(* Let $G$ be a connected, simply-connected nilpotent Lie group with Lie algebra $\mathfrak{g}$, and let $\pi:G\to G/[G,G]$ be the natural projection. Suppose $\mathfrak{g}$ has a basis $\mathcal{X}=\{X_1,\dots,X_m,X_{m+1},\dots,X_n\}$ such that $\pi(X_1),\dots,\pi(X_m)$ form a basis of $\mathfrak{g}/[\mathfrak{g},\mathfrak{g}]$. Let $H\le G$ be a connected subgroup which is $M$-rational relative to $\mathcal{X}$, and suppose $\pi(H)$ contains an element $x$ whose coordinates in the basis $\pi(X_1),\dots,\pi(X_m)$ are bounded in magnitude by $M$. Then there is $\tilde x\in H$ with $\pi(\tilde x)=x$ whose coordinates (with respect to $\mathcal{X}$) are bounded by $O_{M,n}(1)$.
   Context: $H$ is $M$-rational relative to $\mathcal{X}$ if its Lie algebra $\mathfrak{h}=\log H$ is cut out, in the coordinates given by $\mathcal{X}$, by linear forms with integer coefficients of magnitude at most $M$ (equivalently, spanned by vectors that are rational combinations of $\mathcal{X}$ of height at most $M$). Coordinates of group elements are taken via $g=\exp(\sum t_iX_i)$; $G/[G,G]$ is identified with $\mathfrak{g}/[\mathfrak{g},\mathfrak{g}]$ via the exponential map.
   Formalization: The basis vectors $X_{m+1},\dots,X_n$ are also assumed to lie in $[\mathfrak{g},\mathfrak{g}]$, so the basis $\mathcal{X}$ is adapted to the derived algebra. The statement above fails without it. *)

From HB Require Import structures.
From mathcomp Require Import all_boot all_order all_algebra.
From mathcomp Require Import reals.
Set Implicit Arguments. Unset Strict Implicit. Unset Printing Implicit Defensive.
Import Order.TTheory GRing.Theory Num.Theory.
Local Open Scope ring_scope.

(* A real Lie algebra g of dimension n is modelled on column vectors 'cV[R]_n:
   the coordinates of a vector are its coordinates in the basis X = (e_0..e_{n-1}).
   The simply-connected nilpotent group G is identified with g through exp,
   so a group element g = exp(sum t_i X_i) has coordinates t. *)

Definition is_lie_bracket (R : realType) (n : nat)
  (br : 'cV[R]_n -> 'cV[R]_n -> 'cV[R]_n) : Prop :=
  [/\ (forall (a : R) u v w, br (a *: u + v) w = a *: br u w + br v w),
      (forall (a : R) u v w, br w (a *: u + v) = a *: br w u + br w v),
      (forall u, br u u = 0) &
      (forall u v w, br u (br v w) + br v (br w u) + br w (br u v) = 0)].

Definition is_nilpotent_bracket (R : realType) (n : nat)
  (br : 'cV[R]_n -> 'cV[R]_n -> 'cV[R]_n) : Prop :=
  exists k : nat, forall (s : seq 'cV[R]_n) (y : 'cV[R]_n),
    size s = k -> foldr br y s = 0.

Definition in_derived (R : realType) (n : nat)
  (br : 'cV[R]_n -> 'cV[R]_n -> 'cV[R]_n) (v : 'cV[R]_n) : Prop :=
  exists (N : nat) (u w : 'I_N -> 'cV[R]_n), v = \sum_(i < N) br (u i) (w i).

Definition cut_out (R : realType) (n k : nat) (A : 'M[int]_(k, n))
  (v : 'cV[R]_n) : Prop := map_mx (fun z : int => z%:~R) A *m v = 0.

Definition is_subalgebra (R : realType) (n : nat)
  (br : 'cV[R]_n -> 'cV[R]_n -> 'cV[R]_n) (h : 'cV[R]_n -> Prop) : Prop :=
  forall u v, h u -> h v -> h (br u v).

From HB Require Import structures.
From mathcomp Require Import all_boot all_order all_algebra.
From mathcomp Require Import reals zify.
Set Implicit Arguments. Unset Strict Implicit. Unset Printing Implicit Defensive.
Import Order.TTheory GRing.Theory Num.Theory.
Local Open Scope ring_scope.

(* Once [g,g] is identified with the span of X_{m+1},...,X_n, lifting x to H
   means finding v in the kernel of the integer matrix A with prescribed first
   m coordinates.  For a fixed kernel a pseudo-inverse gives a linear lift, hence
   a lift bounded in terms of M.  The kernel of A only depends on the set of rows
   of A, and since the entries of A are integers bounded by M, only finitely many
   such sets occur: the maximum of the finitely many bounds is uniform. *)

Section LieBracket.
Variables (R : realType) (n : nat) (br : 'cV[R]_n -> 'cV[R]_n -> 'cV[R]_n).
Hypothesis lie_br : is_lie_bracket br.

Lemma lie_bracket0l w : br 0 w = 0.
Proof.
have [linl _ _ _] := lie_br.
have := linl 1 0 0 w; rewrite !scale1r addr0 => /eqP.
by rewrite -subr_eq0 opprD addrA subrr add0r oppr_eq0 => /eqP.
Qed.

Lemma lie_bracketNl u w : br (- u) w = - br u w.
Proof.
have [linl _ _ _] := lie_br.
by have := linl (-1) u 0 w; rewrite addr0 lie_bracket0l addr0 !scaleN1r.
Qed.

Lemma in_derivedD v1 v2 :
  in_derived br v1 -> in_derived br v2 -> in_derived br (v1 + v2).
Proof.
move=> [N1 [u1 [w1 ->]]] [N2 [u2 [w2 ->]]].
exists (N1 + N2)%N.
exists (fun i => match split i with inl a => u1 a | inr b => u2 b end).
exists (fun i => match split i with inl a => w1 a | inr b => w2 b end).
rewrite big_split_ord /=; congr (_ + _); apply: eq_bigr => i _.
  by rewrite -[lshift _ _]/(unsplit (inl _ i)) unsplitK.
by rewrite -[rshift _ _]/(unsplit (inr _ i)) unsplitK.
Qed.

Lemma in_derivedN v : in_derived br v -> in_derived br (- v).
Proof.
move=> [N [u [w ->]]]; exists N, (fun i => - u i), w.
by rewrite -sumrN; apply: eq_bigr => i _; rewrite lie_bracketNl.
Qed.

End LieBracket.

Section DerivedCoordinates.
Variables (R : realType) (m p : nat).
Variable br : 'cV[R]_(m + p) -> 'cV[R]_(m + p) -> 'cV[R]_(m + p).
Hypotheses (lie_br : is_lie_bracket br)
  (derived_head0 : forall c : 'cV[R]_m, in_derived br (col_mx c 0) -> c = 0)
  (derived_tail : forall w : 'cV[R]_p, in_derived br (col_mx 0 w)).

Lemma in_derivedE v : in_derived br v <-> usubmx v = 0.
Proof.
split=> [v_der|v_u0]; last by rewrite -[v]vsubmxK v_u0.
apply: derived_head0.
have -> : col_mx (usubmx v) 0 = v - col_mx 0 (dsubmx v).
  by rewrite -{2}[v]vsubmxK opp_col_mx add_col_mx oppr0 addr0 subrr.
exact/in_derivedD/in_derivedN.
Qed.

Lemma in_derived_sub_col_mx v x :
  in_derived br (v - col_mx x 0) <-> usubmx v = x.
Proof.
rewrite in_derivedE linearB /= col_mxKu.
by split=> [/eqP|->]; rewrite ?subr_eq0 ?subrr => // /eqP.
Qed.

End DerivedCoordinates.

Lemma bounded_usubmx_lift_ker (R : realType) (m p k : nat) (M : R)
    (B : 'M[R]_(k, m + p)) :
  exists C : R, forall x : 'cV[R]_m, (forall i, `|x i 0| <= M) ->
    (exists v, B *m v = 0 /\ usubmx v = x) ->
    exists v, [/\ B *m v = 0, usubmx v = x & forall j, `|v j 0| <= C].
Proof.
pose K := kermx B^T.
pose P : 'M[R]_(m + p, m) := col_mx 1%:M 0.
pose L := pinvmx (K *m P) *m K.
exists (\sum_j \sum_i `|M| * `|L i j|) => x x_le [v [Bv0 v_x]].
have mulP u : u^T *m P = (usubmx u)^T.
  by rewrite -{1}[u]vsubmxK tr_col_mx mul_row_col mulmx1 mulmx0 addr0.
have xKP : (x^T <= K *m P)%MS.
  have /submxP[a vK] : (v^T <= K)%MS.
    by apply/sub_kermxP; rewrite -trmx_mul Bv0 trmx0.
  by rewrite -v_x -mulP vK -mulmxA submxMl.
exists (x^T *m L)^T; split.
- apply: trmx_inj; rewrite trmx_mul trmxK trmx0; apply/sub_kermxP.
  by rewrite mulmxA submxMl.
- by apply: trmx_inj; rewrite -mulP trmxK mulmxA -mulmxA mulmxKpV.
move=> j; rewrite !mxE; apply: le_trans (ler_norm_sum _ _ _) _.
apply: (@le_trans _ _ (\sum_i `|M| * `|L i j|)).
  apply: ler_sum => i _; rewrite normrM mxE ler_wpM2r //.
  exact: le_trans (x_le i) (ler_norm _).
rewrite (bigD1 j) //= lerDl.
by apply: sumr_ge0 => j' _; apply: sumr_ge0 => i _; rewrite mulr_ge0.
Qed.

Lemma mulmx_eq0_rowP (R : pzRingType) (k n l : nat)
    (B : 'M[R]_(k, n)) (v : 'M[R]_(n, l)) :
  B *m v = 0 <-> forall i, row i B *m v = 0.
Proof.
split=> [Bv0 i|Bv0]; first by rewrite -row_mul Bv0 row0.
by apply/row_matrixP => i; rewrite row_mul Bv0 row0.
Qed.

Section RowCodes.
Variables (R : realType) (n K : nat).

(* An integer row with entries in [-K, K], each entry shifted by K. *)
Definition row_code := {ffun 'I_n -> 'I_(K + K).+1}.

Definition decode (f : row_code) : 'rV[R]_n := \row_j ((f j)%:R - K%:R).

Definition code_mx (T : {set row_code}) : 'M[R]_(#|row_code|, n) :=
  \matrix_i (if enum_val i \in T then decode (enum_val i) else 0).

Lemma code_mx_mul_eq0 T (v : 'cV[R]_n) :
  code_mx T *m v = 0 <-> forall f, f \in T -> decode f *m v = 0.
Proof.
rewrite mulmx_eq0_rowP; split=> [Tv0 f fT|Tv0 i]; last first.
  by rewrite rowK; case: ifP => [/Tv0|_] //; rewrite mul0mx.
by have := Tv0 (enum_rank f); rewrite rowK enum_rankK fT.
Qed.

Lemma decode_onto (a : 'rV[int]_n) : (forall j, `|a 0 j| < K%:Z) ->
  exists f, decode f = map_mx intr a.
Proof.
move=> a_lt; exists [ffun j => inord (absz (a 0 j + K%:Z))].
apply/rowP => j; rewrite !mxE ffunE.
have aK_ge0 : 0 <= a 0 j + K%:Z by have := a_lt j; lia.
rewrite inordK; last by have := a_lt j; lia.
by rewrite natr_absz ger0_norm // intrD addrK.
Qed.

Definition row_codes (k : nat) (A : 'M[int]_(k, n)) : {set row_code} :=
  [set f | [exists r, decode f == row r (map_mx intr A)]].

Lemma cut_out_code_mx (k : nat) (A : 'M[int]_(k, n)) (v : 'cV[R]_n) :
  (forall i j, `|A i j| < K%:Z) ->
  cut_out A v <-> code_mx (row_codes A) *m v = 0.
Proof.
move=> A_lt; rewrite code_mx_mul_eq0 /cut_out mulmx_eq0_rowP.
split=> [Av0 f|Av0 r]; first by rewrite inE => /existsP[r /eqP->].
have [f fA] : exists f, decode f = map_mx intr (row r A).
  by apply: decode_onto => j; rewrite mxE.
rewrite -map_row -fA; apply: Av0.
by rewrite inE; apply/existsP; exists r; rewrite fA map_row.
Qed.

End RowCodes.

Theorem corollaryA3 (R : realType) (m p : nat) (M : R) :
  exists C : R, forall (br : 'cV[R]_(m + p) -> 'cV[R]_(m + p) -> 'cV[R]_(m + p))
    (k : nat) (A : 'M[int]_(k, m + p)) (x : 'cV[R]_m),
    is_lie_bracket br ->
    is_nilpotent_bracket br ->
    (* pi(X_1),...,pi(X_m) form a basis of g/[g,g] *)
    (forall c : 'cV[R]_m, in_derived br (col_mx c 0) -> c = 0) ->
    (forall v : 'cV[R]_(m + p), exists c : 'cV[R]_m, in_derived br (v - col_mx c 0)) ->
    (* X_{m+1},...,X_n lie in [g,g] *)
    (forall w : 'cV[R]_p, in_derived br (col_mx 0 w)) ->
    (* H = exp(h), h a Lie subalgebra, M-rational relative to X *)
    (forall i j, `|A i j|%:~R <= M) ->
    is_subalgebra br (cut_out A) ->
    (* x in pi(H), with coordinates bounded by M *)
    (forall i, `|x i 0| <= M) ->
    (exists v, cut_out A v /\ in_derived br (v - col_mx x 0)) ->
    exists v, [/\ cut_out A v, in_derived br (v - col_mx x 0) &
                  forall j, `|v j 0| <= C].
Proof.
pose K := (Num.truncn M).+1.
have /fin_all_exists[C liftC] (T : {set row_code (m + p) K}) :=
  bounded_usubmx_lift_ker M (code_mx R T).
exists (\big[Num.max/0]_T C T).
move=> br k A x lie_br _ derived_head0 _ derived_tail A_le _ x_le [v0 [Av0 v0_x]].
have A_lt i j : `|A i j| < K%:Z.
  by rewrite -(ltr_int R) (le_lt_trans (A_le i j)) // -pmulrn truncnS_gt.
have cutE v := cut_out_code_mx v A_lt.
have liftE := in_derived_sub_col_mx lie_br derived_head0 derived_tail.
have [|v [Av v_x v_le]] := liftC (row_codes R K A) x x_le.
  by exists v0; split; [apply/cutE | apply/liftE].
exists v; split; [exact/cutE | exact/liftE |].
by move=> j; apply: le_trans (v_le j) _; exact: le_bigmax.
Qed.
—————
• Problem to work on: Report only how many lines above include "exact".

• Written solution: 4